Wright, I H; Kooperberg, C; Bonar, B A; Bashein, G.
Affiliation
  • Wright IH; Department of Anesthesiology, University of Washington, Seattle 98195-6540, USA. iwright@u.washington.edu
Anesthesiology ; 85(6): 1235-45, 1996 Dec.
Article in En | MEDLINE | ID: mdl-8968169
ABSTRACT

BACKGROUND:

Accurate estimation of operating times is a prerequisite for the efficient scheduling of the operating suite. The authors, in this study, sought to compare surgeons' time estimates for elective cases with those of commercial scheduling software, and to ascertain whether improvements could be made by regression modeling.

METHODS:

The study was conducted at the University of Washington Medical Center in three phases.
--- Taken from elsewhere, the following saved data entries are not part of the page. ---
Lemma hom2c_id1l X Y a S T : hom2c X Y a S T -> hc (id2 (id1 Y)) a = a.
Proof. intros H. rewrite <- (hom2c_cod H). apply hcomp_id1l. Qed.
Lemma hom2c_id1r X Y a S T : hom2c X Y a S T -> hc a (id2 (id1 X)) = a.
Proof. intros H. rewrite <- (hom2c_dom H). apply hcomp_id1r. Qed.

End Chains.

Ltac chain_auto :=
  lazymatch goal with
  | |- chain _ (_ :: _) _ => eapply chain_cons; [chain_auto | eassumption]
  | |- chain _ [] _ => apply chain_nil
  | |- chain _ (_ ++ _) _ => eapply chain_app; [chain_auto | chain_auto]
  | _ => eassumption
  end.

Ltac chain_eq := repeat rewrite <- app_assoc; simpl; reflexivity.

Ltac hom2c_auto :=
  lazymatch goal with
  | |- hom2c _ _ (vcomp _ _) _ _ => eapply hom2c_vcomp_eq; [hom2c_auto | hom2c_auto | chain_eq]
  | |- hom2c _ _ (hcomp _ _) _ _ => eapply hom2c_hcomp; [hom2c_auto | hom2c_auto]
  | |- hom2c _ _ (chain_bar _ _) _ _ => eapply hom2c_chain_bar; chain_auto
  | |- hom2c _ _ (bar _) _ _ => eapply hom2c_bar; eassumption
  | |- hom2c _ _ (id2 (id1 _)) _ _ => apply hom2c_id
  | _ => eassumption
  end.

Ltac hom2c_auto_conv := eapply hom2c_conv; [hom2c_auto | chain_eq | chain_eq].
Phase 1 retrospectively reviewed surgeons' time estimates and the scheduling system's estimates throughout 1 yr. In phase 2, data were collected prospectively from participating surgeons by means of a data entry form completed at the time of scheduling elective cases. Data included the procedure code, estimated operating time, estimated case difficulty, and potential factors that might affect the duration. In phase 3, identical data were collected from five selected surgeons by personal interview.

RESULTS:

In phase 1, 26 of 43 surgeons provided significantly better estimates than did the scheduling system (P < 0.01), and no surgeon was significantly worse, although the absolute errors were large (34% of 157 min average case length). In phase 2, modeling improved the accuracy of the surgeons' estimates by 11.5%, compared with the scheduling system. In phase 3, applying the model from phase 2 improved the accuracy of the surgeons' estimates by 18.2%.

CONCLUSIONS:

Surgeons provide more accurate time estimates than does the scheduling software as it is used in our institution. Regression modeling effects modest improvements in accuracy. Further improvements would be likely if the hospital information system could provide timely historical data and feedback to the surgeons.
Subject(s)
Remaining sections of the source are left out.